# Saved entries
•••••

(* Let $\mathcal{S}$ be a finite set of road segments and $y_1,\dots,y_N$ (collectively $y_{[N]}$) the routes of $N$ historical trips, each a nonempty set of distinct segments. For each $n$ and $s\in y_n$ one observes $T'_{n,s}=\theta_s+\varepsilon_{n,s}$, where the $\theta_s$ are i.i.d. with mean $\mu$ and variance $\tau^2>0$, independent of the errors; for each $n$ the errors $(\varepsilon_{n,s})_{s\in y_n}$ have mean $0$ and covariances $\sigma_{s,t}$; errors from different trips are independent. Suppose $\sigma_{s,t}\ge0$ for all $s,t\in\mathcal{S}$. Fix a route $y$ and a neighborhood $\delta(y)$ (a set of historical routes) such that $$N_{s\cup t}N^{\delta(y)}_sN^{\delta(y)}_t\le N^{\delta(y)}_{s\cup t}N_sN_t\quad\text{for all } s,t\in y.$$ Let $\hat\Theta^{\ast(\mathrm{seg})}_y$ be the optimal segment-based estimator and $\hat\Theta^{\ast(\mathrm{route})}_y$ the optimal route-based estimator with neighborhood $\delta(y)$. Then for any set of historical routes, $$R\big(\hat\Theta^{\ast(\mathrm{seg})}_y\mid y_{[N]}\big)\le R\big(\hat\Theta^{\ast(\mathrm{route})}_y\mid y_{[N]}\big).$$
   Context: $N_s=|\{n:s\in y_n\}|$, $N_{s\cup t}=|\{n:s,t\in y_n\}|$, $N^{\delta(y)}_s=|\{n:y_n\in\delta(y),s\in y_n\}|$, $N^{\delta(y)}_{s\cup t}=|\{n:y_n\in\delta(y),s,t\in y_n\}|$, $M_{\delta(y)}=\sum_n\mathbf 1\{y_n\in\delta(y)\}$; convention $0/0=0$. The integrated risk is $R(\hat\Theta_y\mid y_{[N]})=\mathbb{E}[(\hat\Theta_y-\sum_{s\in y}\theta_s)^2\mid y_{[N]}]$, expectation over errors and prior of $\theta$, conditional on the historical routes. A segment-based estimator has the form $\sum_{s\in y}[(1-\phi_s(N_s))\mu+\phi_s(N_s)\sum_{n:s\in y_n}T'_{n,s}/N_s]$ with $\phi_s:\mathbb{Z}_{\ge0}\to\mathbb{R}$, $\phi_s(0)=0$; the optimal one chooses the weights to minimize the integrated risk. A route-based estimator with neighborhood $\delta(y)$ has the form $(1-\phi_{\delta(y)}(M_{\delta(y)}))|y|\mu+\phi_{\delta(y)}(M_{\delta(y)})\sum_{n:y_n\in\delta(y)}\sum_{s\in y_n}T'_{n,s}/M_{\delta(y)}$ with $\phi_{\delta(y)}(0)=0$; the optimal one chooses the weight to minimize the integrated risk. *)

From HB Require Import structures.
From mathcomp Require Import all_boot all_order all_algebra.
From mathcomp Require Import all_classical all_reals all_analysis.
From mathcomp Require Import finmap.

Set Implicit Arguments.
Unset Strict Implicit.
Unset Printing Implicit Defensive.

Import Order.TTheory GRing.Theory Num.Theory.

Local Open Scope classical_set_scope.
Local Open Scope ring_scope.

Section Defs.
Context {d : measure_display} {T : measurableType d} {R : realType}.

Definition gen_sigma {I : Type} (K : set I) (X : I -> T -> R) : set (set T) :=
  <<s \bigcup_(k in K) preimage_set_system setT (X k) measurable >>.

Definition mutually_independent (P : probability T R) {I : choiceType}
    (G : I -> set (set T)) : Prop :=
  forall (J : {fset I}) (A : I -> set T),
    (forall i, i \in J -> G i (A i)) ->
    P (\bigcap_(i in [set` J]) A i) = (\prod_(i <- J) P (A i))%E.

Definition independent2 (P : probability T R) (G1 G2 : set (set T)) : Prop :=
  mutually_independent P (fun b : bool => if b then G1 else G2).

Definition same_distribution (P : probability T R) (X Y : T -> R) : Prop :=
  forall B : set R, measurable B -> P (X @^-1` B) = P (Y @^-1` B).

End Defs.

Section Model.
Context {T : Type} {R : realType} {S : finType} {N : nat}.

Definition Ncnt (yr : 'I_N -> {set S}) (s : S) : nat :=
  #|[set n : 'I_N | s \in yr n]|.
Definition Ncnt2 (yr : 'I_N -> {set S}) (s t : S) : nat :=
  #|[set n : 'I_N | (s \in yr n) && (t \in yr n)]|.
Definition Ndcnt (yr : 'I_N -> {set S}) (dl : {set {set S}}) (s : S) : nat :=
  #|[set n : 'I_N | (yr n \in dl) && (s \in yr n)]|.
Definition Ndcnt2 (yr : 'I_N -> {set S}) (dl : {set {set S}}) (s t : S) : nat :=
  #|[set n : 'I_N | [&& yr n \in dl, s \in yr n & t \in yr n]]|.
Definition Mcnt (yr : 'I_N -> {set S}) (dl : {set {set S}}) : nat :=
  #|[set n : 'I_N | yr n \in dl]|.

Definition Tobs (theta : S -> T -> R) (eps : 'I_N -> S -> T -> R)
    (n : 'I_N) (s : S) : T -> R := fun w => theta s w + eps n s w.

(* segment-based estimator with weights phi_s; division by 0 yields 0
   in MathComp, matching the convention 0/0 = 0 *)
Definition seg_est (yr : 'I_N -> {set S}) (theta : S -> T -> R)
    (eps : 'I_N -> S -> T -> R) (mu : R) (y : {set S})
    (phi : S -> nat -> R) : T -> R := fun w =>
  \sum_(s in y)
     ((1 - phi s (Ncnt yr s)) * mu
      + phi s (Ncnt yr s) *
        ((\sum_(n : 'I_N | s \in yr n) Tobs theta eps n s w) / (Ncnt yr s)%:R)).

Definition route_est (yr : 'I_N -> {set S}) (theta : S -> T -> R)
    (eps : 'I_N -> S -> T -> R) (mu : R) (y : {set S}) (dl : {set {set S}})
    (phi : nat -> R) : T -> R := fun w =>
  (1 - phi (Mcnt yr dl)) * (#|y|%:R * mu)
  + phi (Mcnt yr dl) *
    ((\sum_(n : 'I_N | yr n \in dl) \sum_(s in yr n) Tobs theta eps n s w)
       / (Mcnt yr dl)%:R).

End Model.

Definition risk {d : measure_display} {T : measurableType d} {R : realType}
    {S : finType} (P : probability T R) (theta : S -> T -> R) (y : {set S})
    (est : T -> R) : \bar R :=
  'E_P[fun w => (est w - \sum_(s in y) theta s w) ^+ 2].

From HB Require Import structures.
From mathcomp Require Import all_boot all_order all_algebra.
From mathcomp Require Import all_classical all_reals all_analysis.
From mathcomp Require Import finmap measurable_realfun.
From mathcomp Require Import ring zify.
(* Let $p\ge1$ and let $u,v\in E_1$ be such that the sequences $(d^u_n)_{n}$ and $(d^v_n)_{n}$ are compatible. Then $\mathcal L^u$ and $\mathcal L^v$ are compatible.
   Context: $X=\{0,\dots,p\}$; $\mathcal G_{S_p}$ is generated by $e_1,\dots,e_p$ acting on $X^\infty$ by $e_i(0w)=i\,e_i(w)$, $e_i(iw)=0w$, $e_i(jw)=jw$ for $j\notin\{0,i\}$; $\Gamma^p_w$ is the Schreier graph on the orbit of $w$ (edges $x$—$e_i(x)$), with graph distance $d$. $E_1$ is the set of $w$ with $\Gamma^p_w$ one-ended; each $w\in E_1$ has an infinite decomposition $w=0^ka_1u_1a_2u_2\cdots$ ($k\ge0$, $a_j\in\{1,\dots,p\}$, $a_{j+1}\ne a_j$, $u_j\in\{0,a_j\}^\ast$ finite). Let $N_j=k+j+\sum_{\ell\le j}|u_\ell|$. The path of cycles of $w$ consists of the $e_{a_j}$-cycles $P^w_j$ with vertex sets $\{0,a_j\}^{N_j}a_{j+1}u_{j+1}\cdots$; $\mathcal L^w=(2^{N_j})_{j\ge1}$. Put $w(0)=w$ and $w(j)=0^{N_j}a_{j+1}u_{j+1}a_{j+2}u_{j+2}\cdots$ (the common vertex of $P^w_j$ and $P^w_{j+1}$), and $d^w_j=d(w(j-1),w(j))$ for $j\ge1$. Integer sequences $(x_i),(y_i)$ are compatible if there exist $l,h$ with $x_{l+n}=y_{h+n}$ for all $n$. *)

From Stdlib Require List.
From Stdlib Require Import ClassicalEpsilon.
From mathcomp Require Import all_boot.

Set Implicit Arguments.
Unset Strict Implicit.
Unset Printing Implicit Defensive.

(* Alphabet X = {0,...,p} is 'I_p.+1; infinite words X^oo are nat -> 'I_p.+1. *)
Definition word (p : nat) := nat -> 'I_p.+1.

(* The generator e_i (meaningful for i in {1..p}):
   e_i(0w) = i e_i(w), e_i(iw) = 0w, e_i(jw) = jw for j not in {0,i}. *)
Definition gen (p : nat) (i : 'I_p.+1) (w : word p) : word p :=
  fun n =>
    if all (fun t => w t == ord0) (iota 0 n) then
      (if w n == ord0 then i else if w n == i then ord0 else w n)
    else w n.

Definition adj (p : nat) (x y : word p) : Prop :=
  exists i : 'I_p.+1, i != ord0 /\ (y = gen i x \/ x = gen i y).

Fixpoint walk (p : nat) (n : nat) (x y : word p) : Prop :=
  match n with
  | 0 => x = y
  | n'.+1 => exists z, adj x z /\ walk n' z y
  end.

(* vertex set of the Schreier graph Gamma_w: the orbit of w *)
Definition in_orbit (p : nat) (w x : word p) : Prop := exists n, walk n w x.

(* graph distance d(x,y) (0 if x,y lie in different orbits; never used then) *)
Definition walkb (p : nat) (x y : word p) (n : nat) : bool :=
  if excluded_middle_informative (walk n x y) then true else false.

Definition dist (p : nat) (x y : word p) : nat :=
  match excluded_middle_informative (exists n, walkb x y n) with
  | left H => ex_minn H
  | right _ => 0
  end.

Fixpoint walk_avoid (p : nat) (K : list (word p)) (n : nat) (x y : word p)
  : Prop :=
  match n with
  | 0 => x = y /\ ~ List.In x K
  | n'.+1 => ~ List.In x K /\ exists z, adj x z /\ walk_avoid K n' z y
  end.

Definition conn_off (p : nat) (K : list (word p)) (x y : word p) : Prop :=
  exists n, walk_avoid K n x y.

Definition infinite_comp (p : nat) (K : list (word p)) (x : word p) : Prop :=
  forall s : list (word p), exists y, conn_off K x y /\ ~ List.In y s.

Definition one_ended (p : nat) (w : word p) : Prop :=
  forall K : list (word p),
    exists x, in_orbit w x /\ infinite_comp K x /\
      forall y, in_orbit w y -> infinite_comp K y -> conn_off K x y.

Definition E1 (p : nat) (w : word p) : Prop := one_ended w.

(* Decomposition data w = 0^k a_1 u_1 a_2 u_2 ... (indices j >= 1 are used;
   the values a 0, u 0 are irrelevant). *)
Definition Nj (p : nat) (k : nat) (u : nat -> seq 'I_p.+1) (j : nat) : nat :=
  k + j + \sum_(1 <= l < j.+1) size (u l).

Definition is_decomp (p : nat) (w : word p) (k : nat) (a : nat -> 'I_p.+1)
  (u : nat -> seq 'I_p.+1) : Prop :=
  (forall n, n < k -> w n = ord0) /\
  (forall j, 1 <= j ->
     [/\ a j != ord0,
         a j.+1 != a j,
         all (fun x => (x == ord0) || (x == a j)) (u j),
         w (Nj k u j.-1) = a j &
         forall t, t < size (u j) -> w (Nj k u j.-1 + 1 + t) = nth ord0 (u j) t]).

(* w(0) = w, w(j) = 0^{N_j} a_{j+1} u_{j+1} ... *)
Definition wj (p : nat) (w : word p) (k : nat) (u : nat -> seq 'I_p.+1)
  (j : nat) : word p :=
  if j is 0 then w else fun n => if n < Nj k u j then ord0 else w n.

(* (d^w_j)_{j>=1}, reindexed from 0: dseq n = d^w_{n+1} *)
Definition dseq (p : nat) (w : word p) (k : nat) (u : nat -> seq 'I_p.+1)
  (n : nat) : nat :=
  dist (wj w k u n) (wj w k u n.+1).

(* L^w = (2^{N_j})_{j>=1}, reindexed from 0 *)
Definition Lseq (p : nat) (k : nat) (u : nat -> seq 'I_p.+1) (n : nat) : nat :=
  2 ^ Nj k u n.+1.

Definition compatible (x y : nat -> nat) : Prop :=
  exists l h, forall n, x (l + n) = y (h + n).

From mathcomp Require Import all_boot zify.
From Stdlib Require Import FunctionalExtensionality ClassicalEpsilon.

Set Implicit Arguments.
Unset Strict Implicit.
Unset Printing Implicit Defensive.

(* The words w(j) and w(j+1) agree from position N := N_(j+1) on, their first
   N letters lie in {0, a} for a := a_(j+1), and their N-th letter a_(j+2) is
   neither 0 nor a.  On such words e_a is an odometer: reading the letter 0 as
   the binary digit 1 and a as 0, e_a adds 1 modulo 2^N.  This reading extends
   to an index on all words that moves by at most one modulo 2^N along every
   edge of the Schreier graph, so d(w(j), w(j+1)) is the cyclic distance of the
   indices 2^N_j - 1 + 2^(N_j + 1) q and 2^N - 1, an odd multiple of 2^N_j.
   Thus d^w_(j+1) has 2-adic valuation N_j, and compatibility passes from the
   distance sequences to the sequences (2^N_j). *)

Definition cdist (M m n : nat) : nat :=
  minn (m - n + (n - m)) (M - (m - n + (n - m))).

Lemma cdist_sym M m n : cdist M m n = cdist M n m.
Proof. by rewrite /cdist addnC. Qed.

Lemma modn_succ M m : m < M -> (m + 1) %% M = if m.+1 == M then 0 else m.+1.
Proof.
move=> ltmM; case: eqP => [<-|ne_mM]; first by rewrite addn1 modnn.
by rewrite modn_small; lia.
Qed.

Lemma cdist_succ_le M m n : m < M -> n < M ->
  cdist M ((m + 1) %% M) n <= (cdist M m n).+1.
Proof. move=> ltmM ltnM; rewrite modn_succ // /cdist; case: eqP; lia. Qed.

Lemma cdist_le_succ M m n : m < M -> n < M ->
  cdist M m n <= (cdist M ((m + 1) %% M) n).+1.
Proof. move=> ltmM ltnM; rewrite modn_succ // /cdist; case: eqP; lia. Qed.

Lemma cdist_pow2_odd m N q : m < N -> 2 ^ m - 1 + 2 ^ m.+1 * q < 2 ^ N ->
  exists r, cdist (2 ^ N) (2 ^ m - 1 + 2 ^ m.+1 * q) (2 ^ N - 1) = 2 ^ m * r.*2.+1.
Proof.
move=> ltmN.
have -> : 2 ^ N = 2 ^ m.+1 * 2 ^ (N - m.+1) by rewrite -expnD subnKC.
rewrite expnS; have := expn_gt0 2 m.
move: (2 ^ m) (2 ^ (N - m.+1)) => P E P_gt0 lt_idx.
have ltqE : q < E.
  case: (ltnP q E) => // leEq.
  have : P * E <= P * q by rewrite leq_mul2l leEq orbT.
  nia.
have [r ->] : exists r, E = q + 1 + r by exists (E - q - 1); lia.
rewrite /cdist; case: (leqP r q) => h.
  exists r; have : P * r <= P * q by rewrite leq_mul2l h orbT.
  nia.
exists q; have : P * q <= P * r by rewrite leq_mul2l (ltnW h) orbT.
nia.
Qed.

Lemma logn2_pow2_odd m r : logn 2 (2 ^ m * r.*2.+1) = m.
Proof.
rewrite lognM ?expn_gt0 // pfactorK // logn_coprime ?addn0 //.
by rewrite coprime_sym coprimen2 /= odd_double.
Qed.

Section SchreierGraph.
Variable p : nat.
Implicit Types x y z : word p.

Lemma adj_sym x y : adj x y -> adj y x.
Proof. by case=> i [i_neq0 xy]; exists i; split => //; tauto. Qed.

Lemma walk_rcons n x y z : walk n x y -> adj y z -> walk n.+1 x z.
Proof.
elim: n x => [|n IHn] x /=; first by move=> -> yz; exists z.
by case=> x' [xx' x'y] yz; exists x'; split => //; apply: IHn.
Qed.

Lemma walk_sym n x y : walk n x y -> walk n y x.
Proof.
elim: n x => [|n IHn] x /=; first by move->.
by case=> x' [xx' x'y]; apply: walk_rcons (IHn _ x'y) (adj_sym xx').
Qed.

Lemma walk_iter_gen i k z : i != ord0 -> walk k z (iter k (gen i) z).
Proof.
move=> i_neq0; elim: k => [|k IHk] //=.
by apply: walk_rcons IHk _; exists i; split => //; left.
Qed.

Lemma walkbP n x y : reflect (walk n x y) (walkb x y n).
Proof. by rewrite /walkb; case: excluded_middle_informative; constructor. Qed.

Lemma dist_shortest n x y :
  walk n x y -> (forall m, walk m x y -> n <= m) -> dist x y = n.
Proof.
move=> xy_n shortest; rewrite /dist.
case: excluded_middle_informative => [ex|]; last by case; exists n; apply/walkbP.
case: ex_minnP => m /walkbP xy_m minm.
by apply/eqP; rewrite eqn_leq minm ?shortest //; apply/walkbP.
Qed.

Definition shift z : word p := fun n => z n.+1.

Lemma gen_head i z :
  gen i z 0 = if z 0 == ord0 then i else if z 0 == i then ord0 else z 0.
Proof. by []. Qed.

Lemma shift_gen i z :
  shift (gen i z) = if z 0 == ord0 then gen i (shift z) else shift z.
Proof.
apply: functional_extensionality => n; rewrite /shift /gen.
have -> : iota 0 n.+1 = 0 :: [seq 1 + t | t <- iota 0 n] by rewrite -iotaDl.
by rewrite /= all_map; case: (z 0 =P ord0).
Qed.

Lemma gen_eq_from i z N :
  z N != ord0 -> z N != i -> forall t, N <= t -> gen i z t = z t.
Proof.
move=> zN0 zNi t; rewrite leq_eqVlt /gen => /orP[/eqP <-|ltNt].
  by rewrite (negbTE zN0) (negbTE zNi); case: ifP.
case: ifP => // zeros_t.
have /(allP zeros_t)/eqP zN : N \in iota 0 t by rewrite mem_iota.
by rewrite zN eqxx in zN0.
Qed.

Lemma iter_gen_eq_from i k z N :
  z N != ord0 -> z N != i -> forall t, N <= t -> iter k (gen i) z t = z t.
Proof.
move=> zN0 zNi; elim: k => [|k IHk] t leNt //=.
have zkN : iter k (gen i) z N = z N by apply: IHk.
by rewrite (gen_eq_from (N := N)) ?zkN // IHk.
Qed.

End SchreierGraph.

Section Odometer.
Variables (p : nat) (a : 'I_p.+1).
Implicit Types x y z : word p.

Definition foreign (c : 'I_p.+1) := (c != ord0) && (c != a).

Fixpoint has_foreign N z :=
  if N is N'.+1 then foreign (z 0) || has_foreign N' (shift z) else false.

(* Binary digits, least significant first: on {0,a}^N digit t is 1 iff z t = 0,
   so that gen a adds 1.  The digits up to a foreign letter are all 1, which
   makes the index of a word with a foreign letter invariant under every gen. *)
Fixpoint cycle_index N z : nat :=
  if N is N'.+1 then
    ((z 0 != a) || has_foreign N' (shift z)) + 2 * cycle_index N' (shift z)
  else 0.

Definition binary_prefix N z := forall t, t < N -> (z t == ord0) || (z t == a).

(* x and y are vertices of the e_a-cycle {0,a}^N y_N y_(N+1) ... *)
Definition same_cycle N x y :=
  [/\ binary_prefix N x, binary_prefix N y, foreign (y N) &
      forall t, N <= t -> x t = y t].

Lemma cycle_index_lt N z : cycle_index N z < 2 ^ N.
Proof.
elim: N z => [|N IHN] z //=; have := IHN (shift z).
by rewrite expnS; case: (_ || _) => /=; lia.
Qed.

Lemma has_foreign_gen N z : has_foreign N (gen a z) = has_foreign N z.
Proof.
elim: N z => [|N IHN] z //=; rewrite shift_gen gen_head.
case: (z 0 =P ord0) => [-> | _]; first by rewrite IHN /foreign !eqxx andbF.
by case: (z 0 =P a) => [-> | //]; rewrite /foreign !eqxx andbF.
Qed.

Lemma binary_prefix_shift N z : binary_prefix N.+1 z -> binary_prefix N (shift z).
Proof. by move=> bz t; exact: (bz t.+1). Qed.

Lemma has_foreignF N z : binary_prefix N z -> has_foreign N z = false.
Proof.
elim: N z => [|N IHN] z //= bz; rewrite IHN ?orbF; last exact: binary_prefix_shift.
by case/orP: (bz 0 isT) => /eqP->; rewrite /foreign eqxx ?andbF.
Qed.

Lemma same_cycle_sym N x y : same_cycle N x y -> same_cycle N y x.
Proof.
case=> bx b_y fy eq_tail; split => //; first by rewrite eq_tail.
by move=> t /eq_tail.
Qed.

Hypothesis a_neq0 : a != ord0.

Lemma eq_ord0_a : (ord0 == a) = false.
Proof. by rewrite eq_sym (negbTE a_neq0). Qed.

Lemma cycle_index_gen_other N i z : (i != a) || has_foreign N z ->
  cycle_index N (gen i z) = cycle_index N z.
Proof.
elim: N z => [|N IHN] z //=; rewrite shift_gen gen_head.
case: (z 0 =P ord0) => [-> | _].
  rewrite /foreign eqxx /= => i_or_foreign; rewrite IHN // eq_ord0_a.
  by case: (i =P a) i_or_foreign => [-> /= | //]; rewrite has_foreign_gen => ->.
case: (z 0 =P i) => [<- | //]; rewrite eq_ord0_a /foreign.
case: (z 0 =P a) => //= _.
by rewrite andbF => /= ->.
Qed.

Lemma cycle_index_gen N z : ~~ has_foreign N z ->
  cycle_index N (gen a z) = (cycle_index N z + 1) %% 2 ^ N.
Proof.
elim: N z => [|N IHN] z /=; first by rewrite modn1.
rewrite shift_gen gen_head negb_or => /andP[z0_binary no_foreign].
rewrite (negbTE no_foreign) !orbF; case: (z 0 =P ord0) => [z0 | /eqP z0_neq0].
  rewrite eqxx has_foreign_gen (negbTE no_foreign) IHN // z0 eq_ord0_a /=.
  by rewrite expnS muln_modr; congr (_ %% _); lia.
have z0a : z 0 = a by move: z0_binary; rewrite /foreign z0_neq0 negbK => /eqP.
rewrite z0a eqxx eq_ord0_a /= modn_small; first lia.
by have := cycle_index_lt N (shift z); rewrite expnS; lia.
Qed.

Lemma adj_cycle_index N x y : adj x y ->
  [\/ cycle_index N y = cycle_index N x,
      cycle_index N y = (cycle_index N x + 1) %% 2 ^ N |
      cycle_index N x = (cycle_index N y + 1) %% 2 ^ N].
Proof.
case=> i [_ [-> | ->]].
  case: (boolP ((i != a) || has_foreign N x)) => [other | ].
    by apply: Or31; apply: cycle_index_gen_other.
  by rewrite negb_or negbK => /andP[/eqP-> ?]; apply: Or32; apply: cycle_index_gen.
case: (boolP ((i != a) || has_foreign N y)) => [other | ].
  by apply: Or31; rewrite cycle_index_gen_other.
by rewrite negb_or negbK => /andP[/eqP-> ?]; apply: Or33; apply: cycle_index_gen.
Qed.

•••••

# Problem details
Starting at the line above that contains "w (Nj k u j.-1) = a j &", repeat each line exactly up to and including the line that contains "neither 0 nor", and stop there.

# Answer space
         w (Nj k u j.-1) = a j &
         forall t, t < size (u j) -> w (Nj k u j.-1 + 1 + t) = nth ord0 (u j) t]).

(* w(0) = w, w(j) = 0^{N_j} a_{j+1} u_{j+1} ... *)
Definition wj (p : nat) (w : word p) (k : nat) (u : nat -> seq 'I_p.+1)
  (j : nat) : word p :=
  if j is 0 then w else fun n => if n < Nj k u j then ord0 else w n.

(* (d^w_j)_{j>=1}, reindexed from 0: dseq n = d^w_{n+1} *)
Definition dseq (p : nat) (w : word p) (k : nat) (u : nat -> seq 'I_p.+1)
  (n : nat) : nat :=
  dist (wj w k u n) (wj w k u n.+1).

(* L^w = (2^{N_j})_{j>=1}, reindexed from 0 *)
Definition Lseq (p : nat) (k : nat) (u : nat -> seq 'I_p.+1) (n : nat) : nat :=
  2 ^ Nj k u n.+1.

Definition compatible (x y : nat -> nat) : Prop :=
  exists l h, forall n, x (l + n) = y (h + n).

From mathcomp Require Import all_boot zify.
From Stdlib Require Import FunctionalExtensionality ClassicalEpsilon.

Set Implicit Arguments.
Unset Strict Implicit.
Unset Printing Implicit Defensive.

(* The words w(j) and w(j+1) agree from position N := N_(j+1) on, their first
   N letters lie in {0, a} for a := a_(j+1), and their N-th letter a_(j+2) is
   neither 0 nor a.  On such words e_a is an odometer: reading the letter 0 as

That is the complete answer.